Language can be used a biomarker for early detection of psychiatric illnesses, but methods for capturing linguistic signal are still in their infancy. model-experiments contains experiments for utilizing language as a biomarker, specifically predicting Clinical High Risk - Psychosis (shorthand: CHR) versus Community Control (CC) status.
Language models already have robust internal representations of language that can be utilized for downstream classification tasks. Challenges include variable length and inconsistent data, imbalanced classes, and overall lack of training and validation data. These models attempt to balance generalization with predictive power.

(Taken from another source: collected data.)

Lemma signs_persist_near n Q h z : exists rho, 0 < rho /\
  forall y, near n y z rho -> forall j, (j < n)%nat ->
    (0 < z j -> 0 < y j) /\ (grad n Q h z j < 0 -> grad n Q h y j < 0).
Proof.
  destruct (common_small_radius n (fun j rho => forall y, near n y z rho ->
      (0 < z j -> 0 < y j) /\ (grad n Q h z j < 0 -> grad n Q h y j < 0))) as [rho [Hrho Hp]].
  - intros j r r' Hr H y Hy. apply H, near_weaken with r'; [lra | exact Hy].
  - intros j Hj.
    assert (Hg : exists r, 0 < r /\ forall y, near n y z r -> grad n Q h z j < 0 -> grad n Q h y j < 0).
    { destruct (Rlt_dec (grad n Q h z j) 0) as [Hlt|Hge]; [|exists 1; split; [lra | tauto]].
      destruct (cont_at_grad n Q h z j (- grad n Q h z j) ltac:(lra)) as [eta [Heta Hc]].
      exists eta. split; [exact Heta|]. intros y Hy _. specialize (Hc y Hy).
      apply Rabs_def2 in Hc. lra. }
    destruct Hg as [r2 [Hr2 Hg]].
    set (r1 := if Rlt_dec 0 (z j) then z j else 1).
    assert (Hr1 : 0 < r1 /\ (0 < z j -> r1 <= z j))
      by (unfold r1; destruct (Rlt_dec 0 (z j)); split; intros; lra).
    pose proof (Rmin_l r1 r2). pose proof (Rmin_r r1 r2).
    exists (Rmin r1 r2). split; [apply Rmin_glb_lt; tauto|]. intros y Hy. split.
    + intros Hzj. specialize (Hy j Hj). apply Rabs_def2 in Hy. pose proof (proj2 Hr1 Hzj). lra.
    + apply Hg, near_weaken with (Rmin r1 r2); [lra | exact Hy].
  - exists rho. split; [exact Hrho|]. intros y Hy j Hj. now apply Hp.
Qed.

(* with these sign conditions every term of [(y - z)^T Q (y - z) = sum_j (y_j - z_j) (g_j(y) - g_j(z))]
   is [<= 0] *)
Lemma complementary_eq n Q h y z : pos_def n Q ->
  nonneg n y -> complementary n Q h y -> nonneg n z -> complementary n Q h z ->
  (forall j, (j < n)%nat -> 0 < z j -> 0 < y j) ->
  (forall j, (j < n)%nat -> grad n Q h z j < 0 -> grad n Q h y j < 0) ->
  forall j, (j < n)%nat -> y j = z j.
Proof.
  intros HQ Hy0 Hyc Hz0 Hzc Hpos Hneg.
  assert (Hq : quadform n Q (fun j => y j - z j) <= 0).
  { unfold quadform. rewrite <- (rsum_eq0 n (fun _ => 0)) by auto. apply rsum_le. intros j Hj.
    rewrite matvec_sub.
    replace (matvec n Q y j - matvec n Q z j) with (grad n Q h y j - grad n Q h z j)
      by (unfold grad; ring).
    specialize (Hyc j Hj). specialize (Hzc j Hj). specialize (Hy0 j Hj). specialize (Hz0 j Hj).
    destruct (Rlt_dec 0 (z j)) as [Hzp|Hzn].
    - pose proof (Hpos j Hj Hzp).
      apply Rmult_integral in Hyc. apply Rmult_integral in Hzc.
      destruct Hyc as [ | ->]; [lra|]. destruct Hzc as [ | ->]; [lra|]. lra.
    - replace (z j) with 0 in * by lra.
      destruct (Rlt_dec (grad n Q h z j) 0) as [Hgn|Hgp].
      + pose proof (Hneg j Hj Hgn).
        apply Rmult_integral in Hyc. destruct Hyc as [->|]; lra.
      + assert (0 <= y j * grad n Q h z j) by (apply Rmult_le_pos; lra). nra. }
  intros j Hj. apply NNPP. intros Hne.
  assert (0 < quadform n Q (fun j => y j - z j)); [|lra].
  apply HQ. exists j. split; [exact Hj | lra].
Qed.

Lemma nat_crossing (P : nat -> Prop) a b : (a <= b)%nat -> P a -> ~ P b ->
  exists k, (a <= k < b)%nat /\ P k /\ ~ P (S k).
Proof.
  induction b as [|b IH]; intros Hab Ha Hb.
  - replace a with 0%nat in Ha by lia. contradiction.
  - destruct (Nat.eq_dec a (S b)) as [->|Hne]; [contradiction|].
    destruct (classic (P b)) as [Hpb|Hpb].
    + exists b. split; [lia | tauto].
    + destruct (IH ltac:(lia) Ha Hpb) as [k [Hk Hk']]. exists k. split; [lia | exact Hk'].
Qed.

Section Iteration.
Variables (n : nat) (Q : nat -> nat -> R) (h : nat -> R) (delta : R) (x0 : nat -> R).
Hypothesis HQs : symmetric n Q.
Hypothesis HQ : pos_def n Q.
Hypothesis Hdelta : 0 < delta.
Hypothesis Hx0 : forall i, (i < n)%nat -> 0 < x0 i.

Let X := iterate n Q h delta x0.
Let F := Fobj n Q h.

Lemma iterate_pos k i : (i < n)%nat -> 0 < X k i.
Proof.
  revert i. induction k as [|k IH]; intros i Hi; [now apply Hx0|].
  now apply step_pos.
Qed.

Lemma iterate_nonneg k : nonneg n (X k).
Proof. intros i Hi. now apply Rlt_le, iterate_pos. Qed.

Lemma Fobj_iterate_descent k : F (X (S k)) + rsum n (gain n Q h delta (X k)) <= F (X k).
Proof. apply step_descent; [exact HQs | exact Hdelta | exact (iterate_pos k)]. Qed.

Lemma Fobj_iterate_succ_le k : F (X (S k)) <= F (X k).
Proof.
  pose proof (Fobj_iterate_descent k).
  assert (0 <= rsum n (gain n Q h delta (X k))); [|lra].
  apply rsum_nonneg; intros. apply gain_ge0; [exact Hdelta | exact (iterate_pos k) | assumption].
Qed.

Lemma Fobj_iterate_succ_lt k : (exists i, (i < n)%nat /\ X (S k) i <> X k i) -> F (X (S k)) < F (X k).
Proof.
  intros [i [Hi Hne]]. pose proof (Fobj_iterate_descent k).
  assert (0 < rsum n (gain n Q h delta (X k))); [|lra].
  apply rsum_pos; [intros; apply gain_ge0; [exact Hdelta | exact (iterate_pos k) | assumption]|].
  exists i. split; [exact Hi|]. apply gain_pos; [exact Hdelta | exact (iterate_pos k) | exact Hi | exact Hne].
Qed.

Lemma iterate_bounded : exists B, 0 < B /\ forall k i, (i < n)%nat -> X k i <= B.
Proof.
  destruct (Fobj_coercive n Q h HQ) as [lam [c [Hlam Hcoer]]].
  set (S := (F x0 + c) / lam).
  exists (1 + Rabs S). split; [pose proof (Rabs_pos S); lra|]. intros k i Hi.
  assert (HFk : F (X k) <= F x0).
  { change x0 with (X 0). induction k as [|k IH]; [lra|]. pose proof (Fobj_iterate_succ_le k). lra. }
  assert (sumsq n (X k) <= S).
  { apply Rmult_le_reg_l with lam; [exact Hlam|]. unfold S. specialize (Hcoer (X k)). unfold F in *.
    replace (lam * ((Fobj n Q h x0 + c) / lam)) with (Fobj n Q h x0 + c) by (field; lra). lra. }
  pose proof (sq_le_sumsq n (X k) i Hi). pose proof (Rle_abs S). nra.
Qed.

Lemma Fobj_iterate_cv : exists L, Un_cv (fun k => F (X k)) L.
Proof.
  destruct (Fobj_coercive n Q h HQ) as [lam [c [Hlam Hcoer]]].
  destruct (decreasing_cv (fun k => F (X k))) as [L HL]; [exact Fobj_iterate_succ_le | |now exists L].
  exists c. intros r [k ->]. unfold opp_seq.
  pose proof (Hcoer (X k)). pose proof (sumsq_ge0 n (X k)). unfold F. nra.
Qed.

Section Limit.
Variables (B L : R).
Hypothesis HB : 0 < B.
Hypothesis HXB : forall k i, (i < n)%nat -> X k i <= B.
Hypothesis HL : Un_cv (fun k => F (X k)) L.

Lemma iterate_in_box k i : (i < n)%nat -> - B <= X k i <= B.
Proof. intros Hi. pose proof (iterate_pos k i Hi). pose proof (HXB k i Hi). lra. Qed.

(* [F(x^k) - F(x^{k+1})] tends to zero and bounds [delta / (2B) |x^{k+1}_i - x^k_i|^2] *)
Lemma iterate_step_vanish eta : 0 < eta ->
  exists K, forall k, (K <= k)%nat -> near n (X (S k)) (X k) eta.
Proof.
  intros Heta. set (c := delta / (2 * B)).
  assert (Hc : 0 < c) by (unfold c; apply Rdiv_lt_0_compat; lra).
  destruct (HL (c * (eta * eta) / 2)) as [K HK]; [apply Rdiv_lt_0_compat; [apply Rmult_lt_0_compat; nra | lra]|].
  exists K. intros k Hk i Hi.
  pose proof (HK k Hk) as H1. pose proof (HK (S k) ltac:(lia)) as H2. unfold Rdist in H1, H2.
  apply Rabs_def2 in H1. apply Rabs_def2 in H2.
  pose proof (Fobj_iterate_descent k) as Hdesc.
  assert (Hterm : gain n Q h delta (X k) i <= rsum n (gain n Q h delta (X k))).
  { apply rsum_ge_term; [|exact Hi].
    intros. apply gain_ge0; [exact Hdelta | exact (iterate_pos k) | assumption]. }
  pose proof (gain_ge n Q h delta Hdelta (X k) i B (iterate_pos k) Hi (HXB k i Hi)) as Hgain.
  fold c in Hgain. change (step n Q h delta (X k)) with (X (S k)) in Hgain.
  set (d := X (S k) i - X k i) in *.
  apply Rnot_le_lt. intros Hd.
  assert (eta * eta <= d * d).
  { rewrite <- (Rabs_pos_eq (d * d)) by apply Rle_0_sqr. rewrite Rabs_mult. nra. }
  unfold F in *. nra.
Qed.

(* [x_i g_i(x) = - D_i(x) (x'_i - x_i)] with [D_i] bounded along the iterates *)
Lemma iterate_complementarity_vanish i : (i < n)%nat -> forall e, 0 < e ->
  exists K, forall k, (K <= k)%nat -> Rabs (X k i * grad n Q h (X k) i) < e.
Proof.
  intros Hi e He. set (C := B * rsum n (fun j => Rabs (Q i j)) + Rabs (h i) + delta).
  assert (HD : forall k, denom n Q h delta (X k) i <= C).
  { intros k. unfold denom, C. pose proof (negpart_le_abs (h i)).
    assert (matvec n (Mabs Q) (X k) i <= B * rsum n (fun j => Rabs (Q i j))); [|lra].
    unfold matvec. rewrite <- rsum_scal. apply rsum_le; intros j Hj. rewrite Mabs_abs.
    pose proof (HXB k j Hj). pose proof (Rabs_pos (Q i j)). rewrite (Rmult_comm B).
    apply Rmult_le_compat_l; lra. }
  assert (HC : delta <= C) by (pose proof (HD 0%nat); pose proof (denom_ge n Q h delta (X 0) i (iterate_nonneg 0)); lra).
  destruct (iterate_step_vanish (e / C)) as [K HK]; [apply Rdiv_lt_0_compat; lra|].
  exists K. intros k Hk. specialize (HK k Hk i Hi).
  pose proof (step_eq n Q h delta Hdelta (X k) i (iterate_nonneg k)) as Hstep.
  change (step n Q h delta (X k)) with (X (S k)) in Hstep.
  pose proof (denom_ge n Q h delta (X k) i (iterate_nonneg k)) as Hden. pose proof (HD k) as HDk.
  replace (X k i * grad n Q h (X k) i) with (- (denom n Q h delta (X k) i * (X (S k) i - X k i)))
    by (rewrite Hstep; field; lra).
  rewrite Rabs_Ropp, Rabs_mult, (Rabs_pos_eq (denom _ _ _ _ _ _)) by lra.
  apply Rle_lt_trans with (C * Rabs (X (S k) i - X k i)).
  - apply Rmult_le_compat_r; [apply Rabs_pos | exact HDk].
  - apply Rmult_lt_compat_l with (r := C) in HK; [|lra].
    replace (C * (e / C)) with e in HK by (field; lra). exact HK.
Qed.

Lemma cluster_complementary P z : cluster_along n X P z -> nonneg n z /\ complementary n Q h z.
Proof.
  intros Hz. split.
  - intros i Hi. apply Rnot_lt_le. intros Hlt.
    destruct (Hz (- z i) ltac:(lra) 0%nat) as [k [_ [_ Hn]]].
    specialize (Hn i Hi). apply Rabs_def2 in Hn. pose proof (iterate_pos k i Hi). lra.
  - intros i Hi. apply cond_eq. intros e He. rewrite Rminus_0_r.
    destruct (iterate_complementarity_vanish i Hi (e / 2) ltac:(lra)) as [K HK].
    destruct (cluster_along_cont n X P z (fun y => y i * grad n Q h y i) Hz
      (cont_at_mul n _ _ z (cont_at_coord n i z Hi) (cont_at_grad n Q h z i)) (e / 2) ltac:(lra) K)
      as [k [Hk [_ [_ Hc]]]].
    specialize (HK k Hk).
    pose proof (Rabs_triang (X k i * grad n Q h (X k) i)
                            (- (X k i * grad n Q h (X k) i - z i * grad n Q h z i))) as Htri.
    rewrite Rabs_Ropp in Htri. ring_simplify (X k i * grad n Q h (X k) i
      + - (X k i * grad n Q h (X k) i - z i * grad n Q h z i)) in Htri. lra.
Qed.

Loosely inspired by these papers, but with significant adaptions to accomodate language data and psychosis-risk dataset:
Human whole epigenome modelling for clinical applications with Pleiades (2025)
Using Interpretability to Identify a Novel Class of Alzheimer's Biomarkers (2026)
All variants share one frozen Hugging Face base model as a feature extractor — only the lightweight classifier head trains. The backbone is model-agnostic and swappable per run via a --model CLI argument (with --load-mode for 8/4-bit quantization of large models), so the same pipeline works with any AutoModel.
classifier_mean_pool.py: Utilizes mean pooling strategy for all participant utterance embeddings for final classification
classifier_attention_pool.py: Embeds each utterance separately and uses a single learned attention query to take a weighted average over a patient's utterances before final classification
classifier_attention_pool_multihead.py: Extends attention pooling with several independent attention queries whose pooled vectors are concatenated, letting different heads attend to different linguistic signals
classifier_attention_pool_ffn.py: Attention pooling with a small feed-forward layer (Linear → GELU → Dropout → Linear) before the final logit, adding nonlinear mixing of the pooled representation
classifier_attention_pool_multihead_ffn.py: Multi-head attention pooling with the same small feed-forward layer before the final logit
Each script runs standalone (python classifier_mean_pool.py --model <hf-id>), or run every methodology in sequence with:
python run_all.py --model google/gemma-4-E2B-it
Only the flags you pass (--model, --load-mode, --extract-batch, --gpu, --max-length, --seed) are forwarded, so omitted flags keep each script's own defaults. Results land in results/<model>/<methodology>/len<λ>_seed<σ>/, and every run upserts its row into results/<model>/summary.csv — one row per (methodology, max_length, seed) with all accuracy statistics — so the summary fills completely after a sweep or incrementally when scripts are run by hand.
run_all.py can vary MAX_LENGTH and seed across a whole sweep. Length is per-featurization: --max-length-utterance goes to the four attention scripts, --max-length-transcript to mean_pool. --seeds a b c repeats the sweep once per seed (embedding caches are seed-independent, so only the first seed pays extraction):
python run_all.py --model google/gemma-4-E2B-it \
--max-length-utterance 1024 --max-length-transcript 16384 --seeds 42 43 44
Supporting tools:
truncation_stats.py: tokenizes the cohort with a backbone's tokenizer and reports token-length percentiles and the fraction of transcripts/utterances truncated at each candidate MAX_LENGTH. Run it first — if nothing is truncated at the current limit, a longer limit cannot change the embeddings.
compare_results.py: aggregates every results/<model>/summary.csv into results/comparison.csv (seed replicates reduced to mean ± sd) plus an AUROC-vs-max_length plot per methodology, for reading length and model-size effects side by side.